Beyond Photos… The Value of Great Design
I work with a lot of editors – and I have an incredible amount of respect for what they do. But lately, I have been thinking a lot about the role of art directors and designers. For magazine brands in particular, I am fully realizing how important their role is and how those same efforts can be utilized online.
There are many benefits of great design.
- Create a visual experience that is enjoyable. B2B readers in particular, should look forward to the online experience – this is their livelihood. Powerful imagery, and subtle nuance are just two elements of this.
- Accessibility: ensuring that the content can be easily understood by a wide range of people.
- Simplifying things: To explain a story instantly by seeing a graphic or image. I love the interplay between great edit and great design.
- Storytelling: visual elements don’t exist independent of each other. Often, images and design elements are carefully linked to tell a story.
- Lead readers online: designers help tell people what to look for, and keep them engaged in order to stay on the website a little bit longer, and click another link.

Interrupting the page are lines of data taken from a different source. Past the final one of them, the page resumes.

(* Let $(E,C)$ be a configuration structure. Then $C$ is closed under finitely compatible unions iff it is closed under bounded unions and under directed unions. Moreover, $C$ is coherent iff it is closed under bounded unions and weakly coherent.
   Context: $C\subseteq\mathcal{P}(E)$. A set $X$ is consistent if $X\subseteq z$ for some $z\in C$. Closed under bounded unions: $A\subseteq C$ with $\bigcup A$ consistent implies $\bigcup A\in C$. Closed under directed unions: every nonempty $A\subseteq C$ such that any $x,y\in A$ have $z\in A$ with $x\cup y\subseteq z$ satisfies $\bigcup A\in C$. Closed under finitely compatible unions: $A\subseteq C$ with $\bigcup F$ consistent for every finite $F\subseteq A$ implies $\bigcup A\in C$. Coherent: $A\subseteq C$ with $x\cup y$ consistent for all $x,y\in A$ implies $\bigcup A\in C$. Weakly coherent: every $A\subseteq C$ such that all $x,y\in A$ have $z\in C$ with $x\cup y\subseteq z\subseteq\bigcup A$ satisfies $\bigcup A\in C$. *)

From mathcomp Require Import all_boot.
From mathcomp Require Import boolp classical_sets cardinality.
Set Implicit Arguments. Unset Strict Implicit. Unset Printing Implicit Defensive.
Local Open Scope classical_set_scope.

(* A configuration structure (E, C): a type of events E and a family C of
   subsets of E (no further axioms). *)

Definition Union (E : Type) (A : set (set E)) : set E := \bigcup_(x in A) x.

Definition consistent (E : Type) (C : set (set E)) (X : set E) : Prop :=
  exists2 z, C z & X `<=` z.

Definition closed_bounded_unions (E : Type) (C : set (set E)) : Prop :=
  forall A : set (set E), A `<=` C -> consistent C (Union A) -> C (Union A).

Definition closed_directed_unions (E : Type) (C : set (set E)) : Prop :=
  forall A : set (set E), A `<=` C -> A !=set0 ->
    (forall x y, A x -> A y -> exists2 z, A z & x `|` y `<=` z) ->
    C (Union A).

Definition closed_fin_compat_unions (E : Type) (C : set (set E)) : Prop :=
  forall A : set (set E), A `<=` C ->
    (forall F : set (set E), finite_set F -> F `<=` A -> consistent C (Union F)) ->
    C (Union A).

Definition coherent (E : Type) (C : set (set E)) : Prop :=
  forall A : set (set E), A `<=` C ->
    (forall x y, A x -> A y -> consistent C (x `|` y)) ->
    C (Union A).

Definition weakly_coherent (E : Type) (C : set (set E)) : Prop :=
  forall A : set (set E), A `<=` C ->
    (forall x y, A x -> A y -> exists2 z, C z & x `|` y `<=` z /\ z `<=` Union A) ->
    C (Union A).

(** Closure under finitely compatible unions splits into two cases: a bounded
   family is finitely compatible, a directed one is too since each finite
   subfamily lies below one member; conversely, the unions of the finite
   subfamilies of a finitely compatible family are in [C] by bounded unions,
   form a directed family with the same union, and directed unions finish.
   The coherence statement is the pairwise analogue, where the witness
   required by weak coherence for [x, y] is [x `|` y] itself, in [C] as a
   bounded union. *)

From mathcomp Require Import all_boot.
From mathcomp Require Import boolp classical_sets cardinality.

Set Implicit Arguments. Unset Strict Implicit. Unset Printing Implicit Defensive.
Local Open Scope classical_set_scope.

Section Unions.
Variable E : Type.
Implicit Types (A F C : set (set E)) (X Y x y : set E).

Definition directed A :=
  forall x y, A x -> A y -> exists2 z, A z & x `|` y `<=` z.

Definition finite_subunions A :=
  [set Union F | F in [set F | finite_set F /\ F `<=` A]].

Lemma sub_Union A x : A x -> x `<=` Union A.
Proof. exact: bigcup_sup. Qed.

Lemma Union_sub A X : (forall x, A x -> x `<=` X) -> Union A `<=` X.
Proof. exact: bigcup_sub. Qed.

Lemma Union_set1 x : Union [set x] = x.
Proof. exact: bigcup_set1. Qed.

Lemma Union_set2 x y : Union [set x; y] = x `|` y.
Proof. by rewrite /Union bigcup_setU1 -/(Union [set y]) Union_set1. Qed.

Lemma consistent_subset C X Y : X `<=` Y -> consistent C Y -> consistent C X.
Proof. by move=> XY [z Cz Yz]; exists z => //; apply: subset_trans Yz. Qed.

Lemma directed_seq_ub A (s : seq (set E)) : A !=set0 -> directed A ->
  (forall x, x \in s -> A x) -> exists2 w, A w & forall x, x \in s -> x `<=` w.
Proof.
move=> [a Aa] dirA; elim: s => [|h t IH] sA; first by exists a.
have [w Aw tw] : exists2 w, A w & forall x, x \in t -> x `<=` w.
  by apply: IH => x xt; apply: sA; rewrite in_cons xt orbT.
have [z Az hwz] := dirA h w (sA h (mem_head h t)) Aw.
exists z => // x; rewrite in_cons => /predU1P [->|xt].
  by apply: subset_trans hwz; apply: subsetUl.
by apply: subset_trans (tw x xt) _; apply: subset_trans hwz; apply: subsetUr.
Qed.

Lemma directed_finite_ub A F : A !=set0 -> directed A ->
  finite_set F -> F `<=` A -> exists2 w, A w & Union F `<=` w.
Proof.
move=> A0 dirA /finite_fsetP [X ->] XA.
have [w Aw Xw] := directed_seq_ub A0 dirA (fun x xX => XA x xX).
by exists w => //; apply: Union_sub => x; apply: Xw.
Qed.

Lemma finite_subunions_directed A : directed (finite_subunions A).
Proof.
move=> _ _ [F [Ffin FA] <-] [G [Gfin GA] <-].
exists (Union (F `|` G)); last by rewrite /Union bigcup_setU.
exists (F `|` G) => //; split; first by rewrite finite_setU.
by rewrite subUset.
Qed.

Lemma finite_subunions_neq0 A : finite_subunions A !=set0.
Proof. by exists (Union set0), set0; split => //; apply: finite_set0. Qed.

Lemma Union_finite_subunions A : Union (finite_subunions A) = Union A.
Proof.
apply/seteqP; split.
  by apply: Union_sub => _ [F [_ FA] <-]; apply: bigcup_subset.
apply: Union_sub => x Ax; rewrite -{1}(Union_set1 x).
apply: sub_Union; exists [set x] => //; split; first exact: finite_set1.
by move=> y ->.
Qed.

Lemma fin_compat_closed_bounded C :
  closed_fin_compat_unions C -> closed_bounded_unions C.
Proof.
move=> finC A AC bA; apply: finC => // F _ FA.
by apply: consistent_subset bA; apply: bigcup_subset.
Qed.

Lemma fin_compat_closed_directed C :
  closed_fin_compat_unions C -> closed_directed_unions C.
Proof.
move=> finC A AC A0 dirA; apply: finC => // F Ffin FA.
by have [w /AC Cw Fw] := directed_finite_ub A0 dirA Ffin FA; exists w.
Qed.

Lemma bounded_directed_fin_compat C :
  closed_bounded_unions C -> closed_directed_unions C ->
  closed_fin_compat_unions C.
Proof.
move=> bC dC A AC finA; rewrite -Union_finite_subunions.
apply: dC; [|exact: finite_subunions_neq0|exact: finite_subunions_directed].
move=> _ [F [Ffin FA] <-]; apply: bC (finA F Ffin FA).
exact: subset_trans AC.
Qed.

Lemma coherent_closed_bounded C : coherent C -> closed_bounded_unions C.
Proof.
move=> cohC A AC bA; apply: cohC => // x y Ax Ay.
by apply: consistent_subset bA; rewrite subUset; split; apply: sub_Union.
Qed.

Lemma coherent_weakly_coherent C : coherent C -> weakly_coherent C.
Proof.
move=> cohC A AC wA; apply: cohC => // x y Ax Ay.
by have [z Cz [xyz _]] := wA x y Ax Ay; exists z.
Qed.

Lemma bounded_weakly_coherent_coherent C :
  closed_bounded_unions C -> weakly_coherent C -> coherent C.
Proof.
move=> bC wC A AC cA; apply: wC => // x y Ax Ay.
exists (x `|` y); last by split=> //; rewrite subUset; split; apply: sub_Union.
rewrite -Union_set2; apply: bC; last by rewrite Union_set2; apply: cA.
by move=> u [->|->]; apply: AC.
Qed.

End Unions.

Theorem mainTheorem15 (E : Type) (C : set (set E)) :
  (closed_fin_compat_unions C <->
     closed_bounded_unions C /\ closed_directed_unions C) /\
  (coherent C <-> closed_bounded_unions C /\ weakly_coherent C).
Proof.
split; split.
- by move=> finC; split;
    [exact: fin_compat_closed_bounded | exact: fin_compat_closed_directed].
- by move=> [bC dC]; exact: bounded_directed_fin_compat.
- by move=> cohC; split;
    [exact: coherent_closed_bounded | exact: coherent_weakly_coherent].
- by move=> [bC wC]; exact: bounded_weakly_coherent_coherent.
Qed.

- Creating consistency across platforms – especially between print and web. For brands that have been around for decades, this is very important to leverage the branding that has been carefully built within readers’ minds over the course of years. Branding is trust, and that trust is business. (sorry if that sounds icky.)
But mostly what I like about what they do is this:
Designers create beauty. Our world can use a bit more of that.
At their best, designers can create the most elusive of notions: grace. Highly evolved design comes from an iterative process, which is another opportunity to transition the quality of print into a digital world.
And let’s face it, print media is beautiful. I love how designers and editors can put together a cohesive package that you love to hold, that you experience, that you put on your shelf to admire. And yes, the web is different, but it can be beautiful and useful too, but perhaps in different ways.
Designers can be heroes – making editorial content go from "good" to "great" – and working on behalf of the audience to ensure content is easy to digest and enjoyable to experience. They can take things beyond an intellectual experience, to create an emotional experience.
Whether it is an article, blog entry, video, webcast, or other content type, there is a nuance that great design can bring that makes each more engaging to readers – and that helps keep people on the website and encourage them to dig even deeper.
For art directors and designers who have worked primarily in print, this is your moment of opportunity. To expand your influence, your skillset, and your value to a business. This is not to belittle print at all; but as the world moves online, this is another chance for you to shine.
Be it in print or online, the affect of great design is the same: a product that the audience will become more engaged with, and that helps them with their most critical needs.